**Work request**
Output every line below exactly.

**Information given**
Lemma sub_vertex_bary d w j m :
  (1 <= d)%nat -> InSimplex d w ->
  w m - vertex j m = sumR d (fun i => bary d w i * (vertex i m - vertex j m)).
Proof.
intros Hd Hw.
rewrite (sumR_ext d _ (fun i => 1 * (bary d w i * vertex i m) + (- vertex j m) * bary d w i))
  by (intros; ring).
rewrite sumR_linear, sumR_bary, sumR_bary_vertex by auto; ring.
Qed.

Lemma is_linear_sub_vertex_ge d L w j :
  (1 <= d)%nat -> is_linear L -> InSimplex d w -> (j < d)%nat ->
  (forall i, (i < d)%nat -> i <> j -> -1 <= L (fun m => vertex i m - vertex j m)) ->
  bary d w j - 1 <= L (fun m => w m - vertex j m).
Proof.
intros Hd HL Hw Hj Hedge.
replace (fun m => w m - vertex j m)
  with (fun m => sumR d (fun i => bary d w i * (vertex i m - vertex j m)))
  by (apply functional_extensionality; intro; symmetry; apply sub_vertex_bary; auto).
rewrite is_linear_sumR by assumption.
apply Rle_trans with
  (sumR d (fun i => (-1) * bary d w i + 1 * (bary d w i * (if Nat.eqb i j then 1 else 0)))).
- rewrite sumR_linear, sumR_bary, sumR_indicator by lia.
  destruct (Nat.ltb_spec j d); [lra|lia].
- apply sumR_le; intros i Hi.
  pose proof (bary_nonneg d w i Hw Hi).
  destruct (Nat.eqb_spec i j) as [->|Hij].
  + rewrite (is_linear_zero L _ HL) by (intro; ring); lra.
  + specialize (Hedge i Hi Hij); nra.
Qed.

Lemma DirDeriv_edge_ge_of_maxcoord_le d f i j l :
  (i < d)%nat -> (j < d)%nat -> i <> j ->
  (forall w, InSimplex d w -> maxcoord d w <= f w) -> f (vertex j) = 1 ->
  DirDeriv f (vertex j) (fun m => vertex i m - vertex j m) l -> -1 <= l.
Proof.
intros Hi Hj Hij Hmax Hfj Hder; apply (DirDeriv_ge _ _ _ _ _ Hder); intros t Ht.
set (p := fun m => (1 - t) * vertex j m + t * vertex i m).
replace (fun m => vertex j m + t * (vertex i m - vertex j m)) with p
  by (apply functional_extensionality; intro; unfold p; ring).
assert (Hp : InSimplex d p)
  by (apply InSimplex_convex; try lra; apply vertex_in_simplex; assumption).
assert (Hpj : bary d p j = 1 - t).
{ unfold p; rewrite bary_affine, !bary_vertex, Nat.eqb_refl by (auto; lra).
  destruct (Nat.eqb_spec i j); [contradiction|ring]. }
pose proof (bary_le_maxcoord d p j Hj); pose proof (Hmax p Hp); lra.
Qed.

Lemma maxcoord_le_of_DirDeriv_edge_ge d f :
  (1 <= d)%nat -> GateauxLinear f -> ConvexOnSimplex d f ->
  (forall j, (j < d)%nat -> f (vertex j) = 1) ->
  (forall i j, (i < d)%nat -> (j < d)%nat -> i <> j ->
     exists l, DirDeriv f (vertex j) (fun m => vertex i m - vertex j m) l /\ -1 <= l) ->
  forall w, InSimplex d w -> maxcoord d w <= f w.
Proof.
intros Hd Hf Hconv Hvert Hedge w Hw.
apply maxcoord_le; [assumption|]; intros j Hj.
destruct (Hf (vertex j)) as [L [HL HLder]].
assert (Htangent : L (fun m => w m - vertex j m) <= f w - 1).
{ rewrite <- (Hvert j Hj).
  exact (DirDeriv_le_of_convex d f _ _ _ Hconv (vertex_in_simplex d j Hj) Hw (HLder _)). }
enough (bary d w j - 1 <= L (fun m => w m - vertex j m)) by lra.
apply is_linear_sub_vertex_ge; auto.
intros i Hi Hij; destruct (Hedge i j Hi Hj Hij) as [l [Hl Hl_ge]].
rewrite <- (uniqueness_limite _ _ _ _ Hl (HLder _)); assumption.
Qed.

Theorem mainTheorem5 (d k : nat) (A : (nat -> R) -> R) :
  (2 <= d)%nat -> (1 <= k)%nat ->
  InClassA d A ->
  ConvexOnSimplex d (Bern d k A) ->
  (forall j, (j < d)%nat -> Bern d k A (vertex j) = 1) ->
  ((forall w, InSimplex d w -> maxcoord d w <= Bern d k A w) <->
   (forall i j, (i < d)%nat -> (j < d)%nat -> i <> j ->
      exists l, DirDeriv (Bern d k A) (vertex j)
                  (fun m => vertex i m - vertex j m) l /\ -1 <= l)).
Proof.
intros Hd _ _ Hconv Hvert; split.
- intros Hmax i j Hi Hj Hij.
  destruct (GateauxLinear_Bern d k A (vertex j)) as [L [_ HLder]].
  exists (L (fun m => vertex i m - vertex j m)); split; [apply HLder|].
  exact (DirDeriv_edge_ge_of_maxcoord_le d _ i j _ Hi Hj Hij Hmax (Hvert j Hj) (HLder _)).
- apply maxcoord_le_of_DirDeriv_edge_ge;
    [lia | apply GateauxLinear_Bern | exact Hconv | exact Hvert].
Qed.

**Result below**
Lemma sub_vertex_bary d w j m :
  (1 <= d)%nat -> InSimplex d w ->
  w m - vertex j m = sumR d (fun i => bary d w i * (vertex i m - vertex j m)).
Proof.
intros Hd Hw.
rewrite (sumR_ext d _ (fun i => 1 * (bary d w i * vertex i m) + (- vertex j m) * bary d w i))
  by (intros; ring).
rewrite sumR_linear, sumR_bary, sumR_bary_vertex by auto; ring.
Qed.

Lemma is_linear_sub_vertex_ge d L w j :
  (1 <= d)%nat -> is_linear L -> InSimplex d w -> (j < d)%nat ->
  (forall i, (i < d)%nat -> i <> j -> -1 <= L (fun m => vertex i m - vertex j m)) ->
  bary d w j - 1 <= L (fun m => w m - vertex j m).
Proof.
intros Hd HL Hw Hj Hedge.
replace (fun m => w m - vertex j m)
  with (fun m => sumR d (fun i => bary d w i * (vertex i m - vertex j m)))
  by (apply functional_extensionality; intro; symmetry; apply sub_vertex_bary; auto).
rewrite is_linear_sumR by assumption.
apply Rle_trans with
  (sumR d (fun i => (-1) * bary d w i + 1 * (bary d w i * (if Nat.eqb i j then 1 else 0)))).
- rewrite sumR_linear, sumR_bary, sumR_indicator by lia.
  destruct (Nat.ltb_spec j d); [lra|lia].
- apply sumR_le; intros i Hi.
  pose proof (bary_nonneg d w i Hw Hi).
  destruct (Nat.eqb_spec i j) as [->|Hij].
  + rewrite (is_linear_zero L _ HL) by (intro; ring); lra.
  + specialize (Hedge i Hi Hij); nra.
Qed.

Lemma DirDeriv_edge_ge_of_maxcoord_le d f i j l :
  (i < d)%nat -> (j < d)%nat -> i <> j ->
  (forall w, InSimplex d w -> maxcoord d w <= f w) -> f (vertex j) = 1 ->
  DirDeriv f (vertex j) (fun m => vertex i m - vertex j m) l -> -1 <= l.
Proof.
intros Hi Hj Hij Hmax Hfj Hder; apply (DirDeriv_ge _ _ _ _ _ Hder); intros t Ht.
set (p := fun m => (1 - t) * vertex j m + t * vertex i m).
replace (fun m => vertex j m + t * (vertex i m - vertex j m)) with p
  by (apply functional_extensionality; intro; unfold p; ring).
assert (Hp : InSimplex d p)
  by (apply InSimplex_convex; try lra; apply vertex_in_simplex; assumption).
assert (Hpj : bary d p j = 1 - t).
{ unfold p; rewrite bary_affine, !bary_vertex, Nat.eqb_refl by (auto; lra).
  destruct (Nat.eqb_spec i j); [contradiction|ring]. }
pose proof (bary_le_maxcoord d p j Hj); pose proof (Hmax p Hp); lra.
Qed.

Lemma maxcoord_le_of_DirDeriv_edge_ge d f :
  (1 <= d)%nat -> GateauxLinear f -> ConvexOnSimplex d f ->
  (forall j, (j < d)%nat -> f (vertex j) = 1) ->
  (forall i j, (i < d)%nat -> (j < d)%nat -> i <> j ->
     exists l, DirDeriv f (vertex j) (fun m => vertex i m - vertex j m) l /\ -1 <= l) ->
  forall w, InSimplex d w -> maxcoord d w <= f w.
Proof.
intros Hd Hf Hconv Hvert Hedge w Hw.
apply maxcoord_le; [assumption|]; intros j Hj.
destruct (Hf (vertex j)) as [L [HL HLder]].
assert (Htangent : L (fun m => w m - vertex j m) <= f w - 1).
{ rewrite <- (Hvert j Hj).
  exact (DirDeriv_le_of_convex d f _ _ _ Hconv (vertex_in_simplex d j Hj) Hw (HLder _)). }
enough (bary d w j - 1 <= L (fun m => w m - vertex j m)) by lra.
apply is_linear_sub_vertex_ge; auto.
intros i Hi Hij; destruct (Hedge i j Hi Hj Hij) as [l [Hl Hl_ge]].
rewrite <- (uniqueness_limite _ _ _ _ Hl (HLder _)); assumption.
Qed.

Theorem mainTheorem5 (d k : nat) (A : (nat -> R) -> R) :
  (2 <= d)%nat -> (1 <= k)%nat ->
  InClassA d A ->
  ConvexOnSimplex d (Bern d k A) ->
  (forall j, (j < d)%nat -> Bern d k A (vertex j) = 1) ->
  ((forall w, InSimplex d w -> maxcoord d w <= Bern d k A w) <->
   (forall i j, (i < d)%nat -> (j < d)%nat -> i <> j ->
      exists l, DirDeriv (Bern d k A) (vertex j)
                  (fun m => vertex i m - vertex j m) l /\ -1 <= l)).
Proof.
intros Hd _ _ Hconv Hvert; split.
- intros Hmax i j Hi Hj Hij.
  destruct (GateauxLinear_Bern d k A (vertex j)) as [L [_ HLder]].
  exists (L (fun m => vertex i m - vertex j m)); split; [apply HLder|].
  exact (DirDeriv_edge_ge_of_maxcoord_le d _ i j _ Hi Hj Hij Hmax (Hvert j Hj) (HLder _)).
- apply maxcoord_le_of_DirDeriv_edge_ge;
    [lia | apply GateauxLinear_Bern | exact Hconv | exact Hvert].
Qed.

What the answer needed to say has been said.